> **Assigned task**
Your reply should consist of the listing, copied exactly.

> **Stored data**
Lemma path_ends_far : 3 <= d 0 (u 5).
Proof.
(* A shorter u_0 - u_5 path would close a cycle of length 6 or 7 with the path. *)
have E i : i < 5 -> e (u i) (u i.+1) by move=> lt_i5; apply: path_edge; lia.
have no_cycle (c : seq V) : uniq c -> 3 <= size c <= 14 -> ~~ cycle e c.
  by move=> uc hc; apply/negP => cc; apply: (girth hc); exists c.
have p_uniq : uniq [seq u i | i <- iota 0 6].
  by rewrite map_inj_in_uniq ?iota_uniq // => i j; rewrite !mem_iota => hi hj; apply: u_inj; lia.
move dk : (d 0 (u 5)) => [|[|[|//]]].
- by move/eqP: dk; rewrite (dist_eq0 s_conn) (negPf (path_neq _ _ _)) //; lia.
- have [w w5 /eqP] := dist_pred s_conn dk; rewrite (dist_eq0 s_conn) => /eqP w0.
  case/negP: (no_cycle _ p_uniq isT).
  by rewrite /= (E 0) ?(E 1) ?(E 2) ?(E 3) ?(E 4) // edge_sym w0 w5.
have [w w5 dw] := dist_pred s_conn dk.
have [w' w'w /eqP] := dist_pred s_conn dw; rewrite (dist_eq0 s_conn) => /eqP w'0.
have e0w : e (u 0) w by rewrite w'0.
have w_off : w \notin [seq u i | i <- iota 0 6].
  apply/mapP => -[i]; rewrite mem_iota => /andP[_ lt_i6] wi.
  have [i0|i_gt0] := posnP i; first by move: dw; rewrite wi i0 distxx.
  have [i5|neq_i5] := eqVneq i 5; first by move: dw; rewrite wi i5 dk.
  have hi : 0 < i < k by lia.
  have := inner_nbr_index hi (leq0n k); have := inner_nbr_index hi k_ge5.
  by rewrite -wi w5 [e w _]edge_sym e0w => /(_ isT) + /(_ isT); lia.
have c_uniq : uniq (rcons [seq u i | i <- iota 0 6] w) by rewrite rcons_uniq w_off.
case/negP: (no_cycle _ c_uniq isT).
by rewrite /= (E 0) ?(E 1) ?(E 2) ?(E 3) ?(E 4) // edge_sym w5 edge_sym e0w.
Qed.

> **Your solution**
Lemma path_ends_far : 3 <= d 0 (u 5).
Proof.
(* A shorter u_0 - u_5 path would close a cycle of length 6 or 7 with the path. *)
have E i : i < 5 -> e (u i) (u i.+1) by move=> lt_i5; apply: path_edge; lia.
have no_cycle (c : seq V) : uniq c -> 3 <= size c <= 14 -> ~~ cycle e c.
  by move=> uc hc; apply/negP => cc; apply: (girth hc); exists c.
have p_uniq : uniq [seq u i | i <- iota 0 6].
  by rewrite map_inj_in_uniq ?iota_uniq // => i j; rewrite !mem_iota => hi hj; apply: u_inj; lia.
move dk : (d 0 (u 5)) => [|[|[|//]]].
- by move/eqP: dk; rewrite (dist_eq0 s_conn) (negPf (path_neq _ _ _)) //; lia.
- have [w w5 /eqP] := dist_pred s_conn dk; rewrite (dist_eq0 s_conn) => /eqP w0.
  case/negP: (no_cycle _ p_uniq isT).
  by rewrite /= (E 0) ?(E 1) ?(E 2) ?(E 3) ?(E 4) // edge_sym w0 w5.
have [w w5 dw] := dist_pred s_conn dk.
have [w' w'w /eqP] := dist_pred s_conn dw; rewrite (dist_eq0 s_conn) => /eqP w'0.
have e0w : e (u 0) w by rewrite w'0.
have w_off : w \notin [seq u i | i <- iota 0 6].
  apply/mapP => -[i]; rewrite mem_iota => /andP[_ lt_i6] wi.
  have [i0|i_gt0] := posnP i; first by move: dw; rewrite wi i0 distxx.
  have [i5|neq_i5] := eqVneq i 5; first by move: dw; rewrite wi i5 dk.
  have hi : 0 < i < k by lia.
  have := inner_nbr_index hi (leq0n k); have := inner_nbr_index hi k_ge5.
  by rewrite -wi w5 [e w _]edge_sym e0w => /(_ isT) + /(_ isT); lia.
have c_uniq : uniq (rcons [seq u i | i <- iota 0 6] w) by rewrite rcons_uniq w_off.
case/negP: (no_cycle _ c_uniq isT).
by rewrite /= (E 0) ?(E 1) ?(E 2) ?(E 3) ?(E 4) // edge_sym w5 edge_sym e0w.
Qed.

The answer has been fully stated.